Rule 3 at 99% still needs a hook — 1% data privacy failure is legally unacceptable. Rule 1 at 96% is fine as a prompt — 4% missed greetings have zero legal/financial impact.

Cost-benefit analysis for migration

When deciding whether to migrate a rule from prompt to hook, compare expected loss vs hook cost:

Rule	Compliance	Miss cost	Expected loss (1K interactions)	Hook cost
Suggest upsell	89%	$0	$0	Not worth it
Verify shipping	92%	$15	$120	Marginal
Apply loyalty discount	85%	$8	$120	Marginal
Confirm email	87%	$500	$6,500	Worth it

Rule D’s $6,500/month expected loss far exceeds the ~$500/month hook development cost. Rules A-C don’t justify the overhead.

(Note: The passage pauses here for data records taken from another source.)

Section ShiftedUnitaryGalerkin.
Variables (C : numClosedFieldType) (N : nat) (V : 'M[C]_N) (c1 c2 : C).
Variables (b : 'cV[C]_N) (k : nat) (q v : nat -> 'cV[C]_N) (l ls u : nat -> C).
Variables (Lt Ut : 'M[C]_k) (alpha : nat -> C) (w x : nat -> 'cV[C]_N).
Hypothesis V_isometry : adjmx V *m V = 1%:M.
Hypothesis arnoldi : unitary_arnoldi V b k q v l ls u.
Hypothesis T_LU : Tmx c1 c2 l ls u k = Lt *m Ut.
Hypothesis Lt_lower : forall i j : 'I_k, (i < j)%N -> Lt i j = 0.
Hypothesis Lt_diag : forall i : 'I_k, Lt i i != 0.
Hypothesis Ut_upper : forall i j : 'I_k, (j < i)%N -> Ut i j = 0.
Hypothesis Ut_diag : forall i : 'I_k, Ut i i = 1.

Local Notation D := (c1%:M + c2 *: V).
Local Notation T := (Tmx c1 c2 l ls u k).
Local Notation QU := (Qmx q k *m Umx u k).
Local Notation L_ := (mxn Lt).
Local Notation U_ := (mxn Ut).
Local Notation alphas j := (\col_(a < j) alpha a.+1).

Let T_tridiag := @Tmx_tridiag C c1 c2 l ls u k.

Lemma pivot_first : (0 < k)%N -> L_ 0 0 = c1 + c2 * l 1.
Proof. by move=> k0; rewrite (Lt_00 T_LU Lt_lower Ut_diag k0) mxn_Tmx_diag. Qed.

Lemma Lt_subdiagE a : (a.+1 < k)%N -> L_ a.+1 a = c2 * ls a.+1.
Proof.
by move=> ak; rewrite (Lt_subdiag T_LU T_tridiag Ut_upper Ut_diag ak) mxn_Tmx_subdiag.
Qed.

Lemma Ut_superdiagE a : (a.+1 < k)%N -> U_ a a.+1 = c1 * u a.+2 / L_ a a.
Proof.
move=> ak; rewrite -(mxn_Tmx_superdiag c1 c2 l ls u ak).
rewrite -(Lt_Ut_superdiag T_LU T_tridiag Lt_lower Lt_diag ak) [L_ a a * _]mulrC mulfK //.
by rewrite (mxn_Lt_diag Lt_diag) // ltnW.
Qed.

Lemma pivot_next a : (a.+1 < k)%N ->
  L_ a.+1 a.+1 = c1 + c2 * l a.+2 - (c2 * ls a.+1) * (c1 * u a.+2) / L_ a a.
Proof.
move=> ak; rewrite (Lt_diagS T_LU T_tridiag Lt_lower Ut_upper Ut_diag ak).
by rewrite mxn_Tmx_diag // Lt_subdiagE // Ut_superdiagE // mulrA.
Qed.

Lemma leadmx_Lt_unit j : (j <= k)%N -> leadmx j Lt \in unitmx.
Proof.
move=> jk; apply: unitmx_lower (leadmx_lower Lt_lower) _ => a.
by rewrite mxE (mxn_Lt_diag Lt_diag) // (leq_trans (ltn_ord a)).
Qed.

Lemma leadmx_Ut_diag j (a : 'I_j) : (j <= k)%N -> leadmx j Ut a a = 1.
Proof. by move=> jk; rewrite mxE (mxn_Ut_diag Ut_diag) // (leq_trans (ltn_ord a)). Qed.

Lemma leadmx_Ut_unit j : (j <= k)%N -> leadmx j Ut \in unitmx.
Proof.
move=> jk; apply: unitmx_upper (leadmx_upper Ut_upper) _ => a.
by rewrite leadmx_Ut_diag ?oner_eq0.
Qed.

Lemma leadmx_Tmx_LU j : (j <= k)%N ->
  Tmx c1 c2 l ls u j = leadmx j Lt *m leadmx j Ut.
Proof. by move=> jk; rewrite -(leadmx_Tmx _ _ _ _ _ jk) T_LU leadmx_mul_lower. Qed.

Lemma Tmx_unit : T \in unitmx.
Proof.
by rewrite -(leadmx_id T) leadmx_Tmx // leadmx_Tmx_LU // unitmx_mul
  leadmx_Lt_unit ?leadmx_Ut_unit.
Qed.

Lemma Tmx_solvable : exists z, T *m z = norm2 b *: ecol k 0.
Proof. by exists (invmx T *m (norm2 b *: ecol k 0)); rewrite mulKVmx ?Tmx_unit. Qed.

Lemma c1_neq0_of_c2_eq0 : (0 < k)%N -> c2 = 0 -> c1 != 0.
Proof.
by move=> k0 c20; have := mxn_Lt_diag Lt_diag k0; rewrite pivot_first // c20 mul0r addr0.
Qed.

Section Recurrences.
Hypothesis alpha_1 : alpha 1 = norm2 b / L_ 0 0.
Hypothesis alpha_S : forall j, (2 <= j <= k)%N ->
  alpha j = (- c2 * ls j.-1) * alpha j.-1 / L_ j.-1 j.-1.
Hypothesis w_1 : w 1 = q 1.
Hypothesis w_S : forall j, (2 <= j <= k)%N ->
  w j = q j + u j *: q j.-1 + ((- c1 * u j.-1.+1) / L_ j.-1.-1 j.-1.-1) *: w j.-1.
Hypothesis x_0 : x 0 = 0.
Hypothesis x_S : forall j, (1 <= j <= k)%N -> x j = x j.-1 + alpha j *: w j.

Lemma Qmx_w_Ut j : (j <= k)%N -> Qmx w j *m leadmx j Ut = Qmx q j *m Umx u j.
Proof.
move=> jk; apply/matrixP => r a; rewrite (QmxUE _ _ _ (arnoldi_q0 arnoldi)) mxE.
under eq_bigr do rewrite !mxE.
have aj := ltn_ord a; case: (nat_of_ord a) aj => [|a'] aj.
  rewrite (@sum_supp1 _ j 0 (fun s => w s.+1 r 0 * U_ s 0)) //.
    rewrite (mxn_Ut_diag Ut_diag) ?w_1 ?(arnoldi_q0 arnoldi) ?mxE; last by lia.
    by rewrite mulr1 mulr0 addr0.
  by move=> s _ s0; rewrite (mxn_upper_eq0 Ut_upper) ?mulr0 //; lia.
rewrite (@sum_supp2 _ j a' (fun s => w s.+1 r 0 * U_ s a'.+1)) //.
  rewrite (mxn_Ut_diag Ut_diag) ?(w_S (j := a'.+2)) ?Ut_superdiagE /= ?mxE; [ring|lia..].
move=> s _ s1 s2; case: (ltnP s a') => sa.
  by rewrite (Ut_bidiag T_LU T_tridiag Lt_lower Lt_diag) ?mulr0 //; lia.
by rewrite (mxn_upper_eq0 Ut_upper) ?mulr0 //; lia.
Qed.

Lemma w_QU j : (1 <= j <= k)%N ->
  w j = Qmx q j *m Umx u j *m invmx (leadmx j Ut) *m ecol j j.-1.
Proof.
move=> jk; rewrite -Qmx_w_Ut ?mulmxK ?leadmx_Ut_unit ?Qmx_ecol ?prednK //; lia.
Qed.

Lemma leadmx_Lt_alphas j : (j <= k)%N -> leadmx j Lt *m alphas j = norm2 b *: ecol j 0.
Proof.
move=> jk; apply/matrixP => a c; rewrite ord1 !mxE.
under eq_bigr do rewrite !mxE.
have aj := ltn_ord a; case: (nat_of_ord a) aj => [|a'] aj.
  rewrite (@sum_supp1 _ j 0 (fun s => L_ 0 s * alpha s.+1)) //.
    by rewrite alpha_1 mulrC mulfVK ?mulr1 // (mxn_Lt_diag Lt_diag) // (leq_trans aj jk).
  by move=> s _ s0; rewrite (mxn_lower_eq0 Lt_lower) ?mul0r //; lia.
rewrite (@sum_supp2 _ j a' (fun s => L_ a'.+1 s * alpha s.+1)) //.
  have ak : (a'.+1 < k)%N by lia.
  rewrite Lt_subdiagE // (alpha_S (j := a'.+2)) // [L_ _ _ * _]mulrC divfK ?mulr0; first ring.
  exact: (mxn_Lt_diag Lt_diag).
move=> s _ s1 s2; case: (ltnP s a') => sa.
  by rewrite (Lt_bidiag T_LU T_tridiag Ut_upper Ut_diag) ?mul0r //; lia.
by rewrite (mxn_lower_eq0 Lt_lower) ?mul0r //; lia.
Qed.

Lemma x_W_alphas j : (j <= k)%N -> x j = Qmx w j *m alphas j.
Proof.
elim: j => [_|j IH jk]; first by rewrite x_0 QmxE big_ord0.
rewrite x_S // (IH (ltnW jk)) !QmxE big_ord_recr /= !mxE.
by congr (_ + _); apply: eq_bigr => i _; rewrite !mxE.
Qed.

Lemma x_QU z : T *m z = norm2 b *: ecol k 0 -> x k = QU *m z.
Proof.
move=> Tz; have uL := leadmx_Lt_unit (leqnn k); rewrite leadmx_id in uL.
have Uz : Ut *m z = alphas k.
  apply: (can_inj (mulKmx uL)); rewrite mulmxA -T_LU Tz.
  by rewrite -(leadmx_Lt_alphas (leqnn k)) leadmx_id.
by rewrite x_W_alphas // -Uz mulmxA -(leadmx_id Ut) Qmx_w_Ut.
Qed.

Section NonzeroRightHandSide.
Hypothesis b_neq0 : b != 0.

Lemma alpha_Tinv j : (1 <= j <= k)%N ->
  alpha j = norm2 b * ((ecol j j.-1)^T *m invmx (Tmx c1 c2 l ls u j) *m ecol j 0) 0 0.
Proof.
move=> /andP[j1 jk].
have uL := leadmx_Lt_unit jk; have uU := leadmx_Ut_unit jk.
set g := invmx (Tmx c1 c2 l ls u j) *m ecol j 0.
have Ug : leadmx j Ut *m g = (norm2 b)^-1 *: alphas j.
  apply: (can_inj (mulKmx uL)); rewrite mulmxA -leadmx_Tmx_LU // mulKVmx; last first.
    by rewrite leadmx_Tmx_LU // unitmx_mul uL.
  by rewrite -scalemxAr leadmx_Lt_alphas // scalerA mulVf ?scale1r ?norm2_b_neq0.
have lastU := lastrow_invmx_unit_upper (leadmx_upper Ut_upper) (fun a => leadmx_Ut_diag a jk).
rewrite -mulmxA -/g -(mulKmx uU g) Ug mulmxA lastU -scalemxAr mxE ecol_tr_mulE; last by lia.
have jj : (j.-1 < j)%N by lia.
by rewrite (mxn_ord _ jj (ltn0Sn 0)) mxE prednK // mulVKf ?norm2_b_neq0.
Qed.

Lemma x_residual_orth y : in_krylov D b k y -> dotc y (b - D *m x k) = 0.
Proof.
have [z Tz] := Tmx_solvable.
move=> /(krylov_span arnoldi b_neq0)/in_span_Qmx [y' ->].
rewrite (x_QU Tz) QmxE dotc_suml big1 // => i _.
by rewrite dotcZl ((galerkinP c1 c2 V_isometry arnoldi b_neq0 z).2 Tz) mulr0.
Qed.

Lemma x_scalar_shift : (0 < k)%N -> c2 = 0 -> x k = c1^-1 *: b.
Proof.
move=> k0 c20; have [z Tz] := Tmx_solvable.
have c1_neq0 := c1_neq0_of_c2_eq0 k0 c20.
have Uz : Umx u k *m z = (c1^-1 * norm2 b) *: ecol k 0.
  by rewrite -scalerA -Tz /Tmx c20 scale0r addr0 -scalemxAl scalerA mulVf ?scale1r.
by rewrite (x_QU Tz) -mulmxA Uz -scalemxAr Qmx_ecol // -scalerA -(b_norm2_q1 arnoldi b_neq0).
Qed.

Lemma x_in_krylov : (0 < k)%N -> in_krylov D b k (x k).
Proof.
move=> k0; have [c20|c2_neq0] := eqVneq c2 0.
  rewrite x_scalar_shift //; apply/in_span_krylov/in_spanZ.
  by have := in_span_gen (fun i => D ^+ i *m b) k0; rewrite expr0 mul1mx.
have [z Tz] := Tmx_solvable; rewrite (x_QU Tz) -mulmxA.
by apply/(span_krylov c1 arnoldi c2_neq0)/in_span_Qmx; eexists.
Qed.

Lemma x_unique x' : (0 < k)%N -> in_krylov D b k x' ->
  (forall y, in_krylov D b k y -> dotc y (b - D *m x') = 0) -> x' = x k.
Proof.
move=> k0 Kx' orth; have [c20|c2_neq0] := eqVneq c2 0.
  have c1_neq0 := c1_neq0_of_c2_eq0 k0 c20.
  have DE : D = c1%:M by rewrite c20 scale0r addr0.
  move: Kx' orth; rewrite DE => /krylov_scalar [s ->] /(_ b (b_krylov _ _ k0)).
  rewrite mul_scalar_mx scalerA -[X in X - _]scale1r -scalerBl dotcZr => /eqP.
  rewrite mulf_eq0 dotcxx_eq0 (negbTE b_neq0) orbF subr_eq0 => /eqP c1s.
  by rewrite x_scalar_shift // -[c1^-1]mulr1 c1s mulKf.
have [z' x'E] : exists z', x' = QU *m z'.
  move/(krylov_span arnoldi b_neq0)/in_span_Qmx: Kx' => [y ->].
  by exists (invmx (Umx u k) *m y); rewrite -mulmxA mulKVmx ?Umx_unit.
rewrite x'E in orth *; apply/esym/x_QU/(galerkinP c1 c2 V_isometry arnoldi b_neq0) => i.
by apply: orth; apply: (span_krylov c1 arnoldi c2_neq0); apply: in_span_gen.
Qed.

End NonzeroRightHandSide.
End Recurrences.
End ShiftedUnitaryGalerkin.

Theorem mainTheorem5 (C : numClosedFieldType) (N : nat) (V : 'M[C]_N) (c1 c2 : C)
  (b : 'cV[C]_N) (k : nat)
  (q v : nat -> 'cV[C]_N) (l ls u : nat -> C)
  (Lt Ut : 'M[C]_k)
  (alpha : nat -> C) (w x : nat -> 'cV[C]_N) :
  unitary_matrix V ->
  c1 \is Num.real -> c2 \is Num.real ->
  b != 0 ->
  (0 < k)%N ->
  unitary_arnoldi V b k q v l ls u ->
  Tmx c1 c2 l ls u k = Lt *m Ut ->
  (forall i j : 'I_k, (i < j)%N -> Lt i j = 0) ->
  (forall i : 'I_k, Lt i i != 0) ->
  (forall i j : 'I_k, (j < i)%N -> Ut i j = 0) ->
  (forall i : 'I_k, Ut i i = 1) ->
  let D := c1%:M + c2 *: V in
  let beta := fun j : nat => - c2 * ls j in
  let gamma := fun j : nat => - c1 * u j.+1 in
  let lt := fun j : nat => mxn Lt j.-1 j.-1 in
  alpha 1%N = norm2 b / lt 1%N ->
  (forall j, (2 <= j <= k)%N -> alpha j = beta j.-1 * alpha j.-1 / lt j) ->
  w 1%N = q 1%N ->
  (forall j, (2 <= j <= k)%N ->
     w j = q j + u j *: q j.-1 + (gamma j.-1 / lt j.-1) *: w j.-1) ->
  x 0%N = 0 ->
  (forall j, (1 <= j <= k)%N -> x j = x j.-1 + alpha j *: w j) ->
  [/\ lt 1%N = c1 + c2 * l 1%N /\
      (forall j, (2 <= j <= k)%N ->
         lt j = c1 + c2 * l j - beta j.-1 * gamma j.-1 / lt j.-1),
      (forall j, (1 <= j <= k)%N ->
         w j = Qmx q j *m Umx u j *m invmx (leadmx j Ut) *m ecol j j.-1),
      (forall j, (1 <= j <= k)%N ->
         alpha j = norm2 b * ((ecol j j.-1)^T *m invmx (Tmx c1 c2 l ls u j)
                              *m ecol j 0) 0 0),
      [/\ in_krylov D b k (x k),
          (forall y, in_krylov D b k y -> dotc y (b - D *m x k) = 0) &
          (forall x', in_krylov D b k x' ->
             (forall y, in_krylov D b k y -> dotc y (b - D *m x') = 0) ->
             x' = x k)] /\
      ((exists z : 'cV[C]_k, Tmx c1 c2 l ls u k *m z = norm2 b *: ecol k 0) /\
       (forall z : 'cV[C]_k, Tmx c1 c2 l ls u k *m z = norm2 b *: ecol k 0 ->
          x k = Qmx q k *m Umx u k *m z)) &
      (forall j, (1 <= j <= k)%N ->
         b - D *m x j = (b - D *m x j.-1) - alpha j *: (D *m w j))].
Proof.
move=> [V_isometry _] _ _ b_neq0 k_gt0 arnoldi T_LU Lt_lower Lt_diag Ut_upper Ut_diag
  D beta gamma lt alpha_1 alpha_S w_1 w_S x_0 x_S.
split.
- split=> [|[|[|a]] // /andP[_ ak]]; first exact: (pivot_first T_LU).
  rewrite /lt /beta /gamma /= (pivot_next T_LU Lt_lower Lt_diag Ut_upper Ut_diag ak).
  ring.
- by move=> j; apply: (w_QU arnoldi T_LU Lt_lower Lt_diag Ut_upper Ut_diag w_1 w_S).
- by move=> j; apply: (alpha_Tinv T_LU Lt_lower Lt_diag Ut_upper Ut_diag alpha_1 alpha_S).
- split; split.
  + exact: (x_in_krylov arnoldi T_LU Lt_lower Lt_diag Ut_upper Ut_diag
      alpha_1 alpha_S w_1 w_S x_0 x_S b_neq0 k_gt0).
  + exact: (x_residual_orth V_isometry arnoldi T_LU Lt_lower Lt_diag Ut_upper Ut_diag
      alpha_1 alpha_S w_1 w_S x_0 x_S b_neq0).
  + move=> x'; exact: (x_unique V_isometry arnoldi T_LU Lt_lower Lt_diag Ut_upper Ut_diag
      alpha_1 alpha_S w_1 w_S x_0 x_S b_neq0 k_gt0).
  + exact: (Tmx_solvable b T_LU Lt_lower Lt_diag Ut_upper Ut_diag).
  + exact: (x_QU arnoldi T_LU Lt_lower Lt_diag Ut_upper Ut_diag
      alpha_1 alpha_S w_1 w_S x_0 x_S).
- by move=> j jk; rewrite x_S // mulmxDr -scalemxAr opprD addrA.
Qed.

The over-hooking anti-pattern

After several incidents, a team implemented hooks for EVERYTHING: source verification, word count, formatting, citation style, paragraph length, vocabulary complexity. Result: 12 hook denials per report, 8 for style preferences. Production time 3x.

A 501-word section triggers a denial. Forced rewrites break natural flow. The system became too rigid.

Fix: keep hooks for compliance requirements (source verification, citation accuracy). Migrate style/quality preferences (word count, paragraph length) back to prompt guidance. The agent needs judgment flexibility for style, not rigid enforcement.

Context-aware enforcement

A coding standard (“all public API functions must have input validation”) is security-critical for customer-facing code but advisory for internal tools.

Context-aware hook: check the file path. Customer-facing directory (/src/api/public/) → block writes without validation (deterministic). Internal directory → allow with prompt reminder (advisory). The consequence level depends on context, so enforcement should too.

Defense in depth: prompt + hook together

A hook blocks production deploys. A colleague adds a prompt: “Never deploy to production without human approval.” Another colleague calls it redundant.

Both are valuable. The hook is the safety net (deterministic blocking). The prompt is behavioral guidance (reduces ATTEMPTS to deploy). Fewer blocked attempts → smoother UX, model proactively seeks approval instead of hitting the wall. Token overhead of one instruction is negligible.

When to diagnose before migrating

Test-before-commit compliance drops from 97% to 82%. Before implementing a hook, diagnose WHY:

If the model makes contextual judgments (“this small change doesn’t need tests”) → hook needed (fundamental prompt limitation)
If the instruction is lost in a crowded context window → prompt restructuring may suffice (simpler fix)

The correct first step is always understanding the failure mode, not jumping to the strongest enforcement.

Deterministic conversion vs contextual judgment

Dates and currencies → PostToolUse hooks (deterministic conversion rules exist). Measurements → prompt guidance (whether to convert “30-foot yacht market” to metric depends on context — a US market report may intentionally use imperial).

The dividing line: if conversion rules are objective and universal → hook. If conversion requires contextual judgment → prompt.

One-liner: Select enforcement by consequence (legal/financial → hook) + verifiability (code can check → hook feasible) + subjectivity (needs judgment → prompt only) — not by compliance rate. Watch for over-hooking (3x production time from style hooks) and use cost-benefit analysis for migration decisions.